Natalia’s Journey: Loss, Recovery, and Identity in ‘The Pigeon Girl’

Loss and Recovery of Identity in ‘The Pigeon Girl’

The protagonist, initially an innocent and naive girl, evolves into a mature woman. Natalia, later a mother of orphans, meets Quimet at the Festa Major. Their relationship begins with Natalia’s submission and loss of identity (Chapter 1).

At first, she is a kind, timid girl, fearful of the outside world and unable to confront Quimet’s desires and demands. She endures her husband’s machismo and eccentricities, working tirelessly and neglecting her children. She must care for the dovecote and live through a turbulent historical period (the Spanish Civil War). The oppression becomes more heartbreaking with the invasion of the attic by pigeons, until she rebels and begins her journey toward maturity (Chapter 25) and the recovery of her identity.

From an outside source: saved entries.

(* The correction eps_L for which exp (- x ln x (1 + eps_L x)) = L^x / x!. *)
Definition fact_profile_eps (L : R) (x : nat) : R :=
  (ln (INR (fact x)) - INR x * ln L) / (INR x * ln (INR x)) - 1.

Lemma xlogx_profile_fact (L : R) (x : nat) : 0 < L -> (2 <= x)%nat ->
  xlogx_profile 1 (fact_profile_eps L) x = fact_weight L x.
Proof.
  intros HL Hx. unfold xlogx_profile, fact_profile_eps, fact_weight.
  assert (HX : 2 <= INR x) by (apply (le_INR 2); lia).
  assert (Hln : 0 < ln (INR x)) by (rewrite <- ln_1; apply ln_increasing; lra).
  match goal with |- exp ?e = _ =>
    replace e with (INR x * ln L + - ln (INR (fact x))) by (field; split; lra) end.
  rewrite exp_plus, exp_Ropp, exp_ln by apply INR_fact_lt_0.
  rewrite <- (Rpower_pow x L HL). reflexivity.
Qed.

Lemma fact_profile_eps_bound (L : R) (x : nat) : (2 <= x)%nat ->
  Rabs (fact_profile_eps L x) <= (1 + Rabs (ln L)) / ln (INR x).
Proof.
  intros Hx. unfold fact_profile_eps.
  assert (HX : 2 <= INR x) by (apply (le_INR 2); lia).
  assert (Hln : 0 < ln (INR x)) by (rewrite <- ln_1; apply ln_increasing; lra).
  destruct (ln_fact_bounds x ltac:(lia)) as [Hlo Hhi].
  pose proof (Rle_abs (ln L)). pose proof (Rabs_maj2 (ln L)).
  replace ((ln (INR (fact x)) - INR x * ln L) / (INR x * ln (INR x)) - 1)
    with ((ln (INR (fact x)) - INR x * ln L - INR x * ln (INR x)) / INR x / ln (INR x))
    by (field; split; lra).
  replace ((1 + Rabs (ln L)) / ln (INR x)) with (INR x * (1 + Rabs (ln L)) / INR x / ln (INR x))
    by (field; split; lra).
  rewrite !Rabs_div by lra. rewrite (Rabs_pos_eq (INR x)), (Rabs_pos_eq (ln (INR x))) by lra.
  apply Rmult_le_compat_r; [left; apply Rinv_0_lt_compat; lra|].
  apply Rmult_le_compat_r; [left; apply Rinv_0_lt_compat; lra|].
  apply Rabs_le. nra.
Qed.

Lemma fact_profile_eps_lim (L : R) : is_lim_seq (fact_profile_eps L) 0.
Proof.
  apply is_lim_seq_spec. intros [e He]. simpl.
  set (M := 1 + Rabs (ln L)).
  assert (HM : 0 < M) by (unfold M; pose proof (Rabs_pos (ln L)); lra).
  destruct (eventually_INR_gt (Rmax 2 (exp (M / e)))) as [N HN].
  exists N. intros x Hx. specialize (HN x Hx).
  pose proof (Rmax_l 2 (exp (M / e))). pose proof (Rmax_r 2 (exp (M / e))).
  assert (Hx2 : (2 <= x)%nat) by (apply INR_le; simpl; lra).
  assert (Hln : M / e < ln (INR x)).
  { rewrite <- (ln_exp (M / e)). apply ln_increasing; [apply exp_pos | lra]. }
  assert (HMe : 0 < M / e) by (apply Rdiv_lt_0_compat; lra).
  rewrite Rminus_0_r. eapply Rle_lt_trans; [apply fact_profile_eps_bound, Hx2|].
  fold M. apply Rlt_div_l; [lra|].
  apply (Rmult_lt_compat_l e) in Hln; [|exact He].
  replace (e * (M / e)) with M in Hln by (field; lra). lra.
Qed.

Lemma ratio_factor_nonneg (K : R) (x : nat) : 0 < K -> 0 <= K / (INR x + 1).
Proof. intros HK. pose proof (pos_INR x). apply Rlt_le, Rdiv_lt_0_compat; lra. Qed.

(* If f (x+1) <= K/(x+1) f x from N0 on, then f is dominated by a multiple of
   the weight K^x / x!: the ratio f / fact_weight K is nonincreasing. *)
Lemma ratio_above (f : nat -> R) (K : R) (N0 : nat) : 0 < K ->
  (forall x, (N0 <= x)%nat -> f (S x) <= K / (INR x + 1) * f x) ->
  forall x, (N0 <= x)%nat -> f x <= f N0 / fact_weight K N0 * fact_weight K x.
Proof.
  intros HK Hstep x Hx. pose proof (fact_weight_pos K N0 HK).
  induction Hx as [|x Hx IH]; [right; field; lra|].
  rewrite fact_weight_succ. eapply Rle_trans; [apply Hstep, Hx|].
  replace (f N0 / fact_weight K N0 * (K / (INR x + 1) * fact_weight K x))
    with (K / (INR x + 1) * (f N0 / fact_weight K N0 * fact_weight K x)) by ring.
  apply Rmult_le_compat_l; [apply ratio_factor_nonneg, HK | exact IH].
Qed.

(* The symmetric statement: a reverse ratio bound makes f / fact_weight K nondecreasing. *)
Lemma ratio_below (f : nat -> R) (K : R) (N0 : nat) : 0 < K ->
  (forall x, (N0 <= x)%nat -> K / (INR x + 1) * f x <= f (S x)) ->
  forall x, (N0 <= x)%nat -> f N0 / fact_weight K N0 * fact_weight K x <= f x.
Proof.
  intros HK Hstep x Hx. pose proof (fact_weight_pos K N0 HK).
  induction Hx as [|x Hx IH]; [right; field; lra|].
  rewrite fact_weight_succ. eapply Rle_trans; [|apply Hstep, Hx].
  replace (f N0 / fact_weight K N0 * (K / (INR x + 1) * fact_weight K x))
    with (K / (INR x + 1) * (f N0 / fact_weight K N0 * fact_weight K x)) by ring.
  apply Rmult_le_compat_l; [apply ratio_factor_nonneg, HK | exact IH].
Qed.

(* Once K / (x+1) <= 1/2, such an f halves at every step. *)
Lemma ratio_eventually_half (f : nat -> R) (K : R) (N0 : nat) :
  0 < K -> (forall x, 0 <= f x) ->
  (forall x, (N0 <= x)%nat -> f (S x) <= K / (INR x + 1) * f x) ->
  exists N, (N0 <= N)%nat /\ forall x, (N <= x)%nat -> f (S x) <= / 2 * f x.
Proof.
  intros HK Hf Hstep. destruct (eventually_INR_gt (2 * K)) as [N1 HN1].
  exists (N0 + N1)%nat. split; [lia|]. intros x Hx.
  eapply Rle_trans; [apply Hstep; lia|]. apply Rmult_le_compat_r; [apply Hf|].
  specialize (HN1 x ltac:(lia)).
  apply Rmult_le_reg_l with (INR x + 1); [lra|].
  replace ((INR x + 1) * (K / (INR x + 1))) with K by (field; lra). lra.
Qed.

This internal rebellion against injustice mirrors the revolution at the start of the Civil War, in which Quimet dies. After Quimet’s death and the liquidation of the dovecote, Natalia falls into grinding poverty and must “make the heart of cork” (Chapter 32). In the desolation of the postwar period, she thinks of her family. The grocer offers her hope by giving her work and, later, the possibility of remaking her life by marrying him. With Antoni, she regains the name of Natalia, a step towards the recovery of her identity (Chapter 35).

As the country recovers from the war, Natalia continues to struggle with her problems and anxieties, with little improvement in her economic or social status. She lives virtually imprisoned at home (Chapter 42), where old ghosts resurface. She leaves the house to find peace and create a personal, idealized world, a mixture of reality and embellished memories of the past (Chapter 43).

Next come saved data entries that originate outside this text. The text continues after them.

Lemma card_ActSt_dead_surv s u v :
  #|` ActSt (dead s u v) (Kh s) (inact s)| <= #|` ActSt (surv s u v) (Kh s) (inact s)|.
Proof. by rewrite /dead /surv; case: ifP => // /negbT; rewrite -ltnNge => /ltnW. Qed.

Lemma root_dead_surv s u v w y : (w == dead s u v) || (w == surv s u v) ->
  roots s w = Some y -> roots s u = Some y \/ roots s v = Some y.
Proof. by case: (dead_survP s u v) => -[-> ->] /orP[] /eqP ->; auto. Qed.

Record tower_inv (ops : seq op) (t : nat) : Prop := TowerInv {
  inv_complex : is_complex (Kc ops t);
  inv_active : active_part (Kh (st_at ops t)) (inact (st_at ops t)) = Kc ops t;
  inv_inact : forall w, w \in inact (st_at ops t) ->
    exists2 j, j <= t & w \in verts (Kc ops j);
  inv_roots : forall w, (roots (st_at ops t) w != None) = (w \in verts (Kc ops t));
  inv_roots_lt : forall w y, roots (st_at ops t) w = Some y -> y < t;
  inv_roots_inj : forall w w' y, roots (st_at ops t) w = Some y ->
    roots (st_at ops t) w' = Some y -> w = w';
  inv_par : forall y p, par (st_at ops t) y = Some p ->
    [/\ y < p, p < t, forall w, roots (st_at ops t) w != Some y &
      exists u v, nth dflt_op ops p = Contr u v /\
        (roots (st_at ops p) u = Some y \/ roots (st_at ops p) v = Some y)];
  inv_img_surj : forall s, s \in Kc ops t ->
    exists2 j, j < t & is_incl (nth dflt_op ops j) && (img ops j t == s);
  inv_img : forall j, j < t -> is_incl (nth dflt_op ops j) -> img ops j t \in Kc ops t
}.

Lemma tower_inv0 ops : tower_inv ops 0.
Proof.
split; rewrite /Kc //=; first by apply/fsetP => s; rewrite /active_part !inE.
by move=> w; apply/esym/negbTE/vertsP => -[s]; rewrite in_fset0.
Qed.

Lemma tower_inv_incl ops t sg : nth dflt_op ops t = Incl sg ->
  [/\ sg != fset0, sg \notin Kc ops t,
     (forall t0 : {fset nat}, t0 != fset0 -> t0 `<` sg -> t0 \in Kc ops t) &
     (#|` sg| = 1 -> forall j, j <= t -> forall x,
        x \in sg -> x \notin verts (Kc ops j))] ->
  tower_inv ops t -> tower_inv ops t.+1.
Proof.
move=> Ho [sg0 sgK faces fresh] I.
have Hst : st_at ops t.+1 = step t (Incl sg) (st_at ops t) by rewrite /= Ho.
rewrite /Kc in sgK faces fresh *; set s := st_at ops t in Hst I sgK faces fresh *.
have fresh_active : #|` sg| = 1 -> forall x, x \in sg -> x \notin inact s.
  move=> h1 x xs; apply/negP => /(inv_inact I) [j jt xj].
  by move: (fresh h1 j jt x xs); rewrite xj.
have sg_verts w : #|` sg| != 1 -> w \in sg -> w \in verts (K s).
  by move=> h1 ws; apply/vertsP; exists [fset w]; rewrite ?(vertex_proper_face faces) ?inE.
have sg_active : active (inact s) sg.
  apply/fdisjointP => w ws; case: (boolP (#|` sg| == 1)) => [/eqP h1|h1].
    exact: fresh_active.
  exact: (vertex_active (inv_complex I) (inv_active I) (sg_verts w h1 ws)).
have inact_sg : (if #|` sg| == 1 then inact s `\` sg else inact s) = inact s.
  case: ifP => // /eqP h1; apply/fsetP=> x; rewrite in_fsetD.
  by case: (boolP (x \in sg)) => // /(fresh_active h1) /negbTE ->.
constructor; rewrite /Kc Hst /= ?inact_sg.
- by apply: complex_U1 => //; apply: inv_complex.
- by rewrite active_part_U1 // (inv_active I).
- by move=> w /(inv_inact I) [j jt wj]; exists j => //; exact: leqW.
- move=> w; rewrite verts_U1.
  case: (boolP (w \in sg)) => ws; last by rewrite andbF (inv_roots I).
  case: (boolP (#|` sg| == 1)) => //= h1.
  by rewrite (inv_roots I) sg_verts.
- move=> w y; case: ifP => [_ [<-]//|_ /(inv_roots_lt I)]; exact: leqW.
- move=> w w' y; case: ifP => [/andP[/cardfs1P[x ->]]|_].
    rewrite inE => /eqP -> [<-]; case: ifP => [/andP[_]|_ /(inv_roots_lt I)].
      by rewrite inE => /eqP ->.
    by rewrite ltnn.
  case: ifP => [_ /(inv_roots_lt I) + [ty]|_]; first by rewrite ty ltnn.
  exact: (inv_roots_inj I).
- move=> y p /(inv_par I) [yp pt noroot ex]; split => //; first exact: leqW.
  move=> w; case: ifP => [_|_]; last exact: noroot.
  by apply/eqP => -[ty]; move: (ltn_trans yp pt); rewrite ty ltnn.
- move=> s1 /fset1UP[->|/(inv_img_surj I)[j jt /andP[ij /eqP ij']]].
    by exists t => //; rewrite leqnn Ho eqxx.
  by exists j; [exact: leqW | rewrite ij leqNgt jt Ho /= ij'].
- move=> j; rewrite ltnS leq_eqVlt => /orP[/eqP ->|jt] ij.
    by rewrite leqnn Ho fset1U1.
  by rewrite leqNgt jt Ho /= fset1Ur // (inv_img I).
Qed.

Natalia completes her path to happiness with a cathartic journey home across the street at night, knife in hand, looking with her eyes and soul and walking towards her old home and old life in the Plaça del Diamant. There, she confronts and kills the past, expelling all the accumulated anguish of her youth with a great shout (Chapter 44). This marks the end of one interwoven life and the beginning of a truly authentic life.

Key Symbols: The Funnel and the Pigeons

The pigeons first appear together (Chapter 12) at the start of serious problems and contribute to liberation in the Plaça del Diamant. There, the dove sits on Matthew’s shoulder, and the pigeons are driven away by the liberating cry and repaid by the knife. The pigeons serve as a leitmotif. Their evolution mirrors the symbolic life of the protagonist, while the other characters are important in relation to them.

These birds, causing work and worries, impose their will on her and are symbols of her life with their breeder, Quimet. They expel the protagonist from her dreams: the attic (Chapter 13), the gallery, the rooms, the little room (Chapter 21). They reflect Colometa’s (Natalia’s) subordination to her husband’s whims. After Quimet’s death and the misery that nearly leads to collective suicide, Natalia, now Antonio’s wife, re-elaborates the entire matter of the doves, undergoing a process of beautification and dream magnification, ending up as an idealized figure who frequents the park (Chapter 43): Madame of the pigeons, they say.

The funnel, conical, wide at the top and narrow at the bottom, symbolizes life as an increasingly narrow and distressing path (Chapter 19), leading to the need to “make a cork heart” to “pass a bridge so high and so narrow and so long” (Chapter 33).